== Data for this task ==
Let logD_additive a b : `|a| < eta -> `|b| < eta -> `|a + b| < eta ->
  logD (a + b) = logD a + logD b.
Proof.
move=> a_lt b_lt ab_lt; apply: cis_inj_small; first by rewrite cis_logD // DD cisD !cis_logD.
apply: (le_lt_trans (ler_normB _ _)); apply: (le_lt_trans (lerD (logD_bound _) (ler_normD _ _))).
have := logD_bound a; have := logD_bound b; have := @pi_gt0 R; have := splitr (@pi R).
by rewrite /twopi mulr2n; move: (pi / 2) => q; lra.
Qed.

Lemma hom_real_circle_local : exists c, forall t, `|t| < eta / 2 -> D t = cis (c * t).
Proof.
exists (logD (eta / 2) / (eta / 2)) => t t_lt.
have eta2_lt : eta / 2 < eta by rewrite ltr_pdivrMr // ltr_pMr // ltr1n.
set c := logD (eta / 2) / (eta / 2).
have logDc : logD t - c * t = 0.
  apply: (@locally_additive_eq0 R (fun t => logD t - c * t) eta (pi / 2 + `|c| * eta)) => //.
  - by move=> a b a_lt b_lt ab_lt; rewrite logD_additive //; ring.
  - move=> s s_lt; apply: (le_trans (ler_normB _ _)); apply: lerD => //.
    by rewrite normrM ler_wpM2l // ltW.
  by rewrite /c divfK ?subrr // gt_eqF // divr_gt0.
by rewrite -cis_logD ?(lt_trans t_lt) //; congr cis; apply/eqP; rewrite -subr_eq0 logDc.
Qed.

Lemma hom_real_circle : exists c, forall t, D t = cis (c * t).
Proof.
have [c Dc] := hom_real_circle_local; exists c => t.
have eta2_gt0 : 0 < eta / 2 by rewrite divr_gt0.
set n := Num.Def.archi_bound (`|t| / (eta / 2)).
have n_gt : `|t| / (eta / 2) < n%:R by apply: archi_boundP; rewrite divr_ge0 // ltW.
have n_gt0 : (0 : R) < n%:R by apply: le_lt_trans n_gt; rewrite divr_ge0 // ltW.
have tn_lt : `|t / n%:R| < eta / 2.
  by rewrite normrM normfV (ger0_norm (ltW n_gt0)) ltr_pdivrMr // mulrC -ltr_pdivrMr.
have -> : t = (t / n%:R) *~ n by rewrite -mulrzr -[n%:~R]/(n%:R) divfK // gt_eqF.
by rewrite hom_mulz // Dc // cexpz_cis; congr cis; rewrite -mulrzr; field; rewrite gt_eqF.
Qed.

== Exercise details ==
Write the whole listing out again. Keep every line exactly as it is.

== Answer section ==
Let logD_additive a b : `|a| < eta -> `|b| < eta -> `|a + b| < eta ->
  logD (a + b) = logD a + logD b.
Proof.
move=> a_lt b_lt ab_lt; apply: cis_inj_small; first by rewrite cis_logD // DD cisD !cis_logD.
apply: (le_lt_trans (ler_normB _ _)); apply: (le_lt_trans (lerD (logD_bound _) (ler_normD _ _))).
have := logD_bound a; have := logD_bound b; have := @pi_gt0 R; have := splitr (@pi R).
by rewrite /twopi mulr2n; move: (pi / 2) => q; lra.
Qed.

Lemma hom_real_circle_local : exists c, forall t, `|t| < eta / 2 -> D t = cis (c * t).
Proof.
exists (logD (eta / 2) / (eta / 2)) => t t_lt.
have eta2_lt : eta / 2 < eta by rewrite ltr_pdivrMr // ltr_pMr // ltr1n.
set c := logD (eta / 2) / (eta / 2).
have logDc : logD t - c * t = 0.
  apply: (@locally_additive_eq0 R (fun t => logD t - c * t) eta (pi / 2 + `|c| * eta)) => //.
  - by move=> a b a_lt b_lt ab_lt; rewrite logD_additive //; ring.
  - move=> s s_lt; apply: (le_trans (ler_normB _ _)); apply: lerD => //.
    by rewrite normrM ler_wpM2l // ltW.
  by rewrite /c divfK ?subrr // gt_eqF // divr_gt0.
by rewrite -cis_logD ?(lt_trans t_lt) //; congr cis; apply/eqP; rewrite -subr_eq0 logDc.
Qed.

Lemma hom_real_circle : exists c, forall t, D t = cis (c * t).
Proof.
have [c Dc] := hom_real_circle_local; exists c => t.
have eta2_gt0 : 0 < eta / 2 by rewrite divr_gt0.
set n := Num.Def.archi_bound (`|t| / (eta / 2)).
have n_gt : `|t| / (eta / 2) < n%:R by apply: archi_boundP; rewrite divr_ge0 // ltW.
have n_gt0 : (0 : R) < n%:R by apply: le_lt_trans n_gt; rewrite divr_ge0 // ltW.
have tn_lt : `|t / n%:R| < eta / 2.
  by rewrite normrM normfV (ger0_norm (ltW n_gt0)) ltr_pdivrMr // mulrC -ltr_pdivrMr.
have -> : t = (t / n%:R) *~ n by rewrite -mulrzr -[n%:~R]/(n%:R) divfK // gt_eqF.
by rewrite hom_mulz // Dc // cexpz_cis; congr cis; rewrite -mulrzr; field; rewrite gt_eqF.
Qed.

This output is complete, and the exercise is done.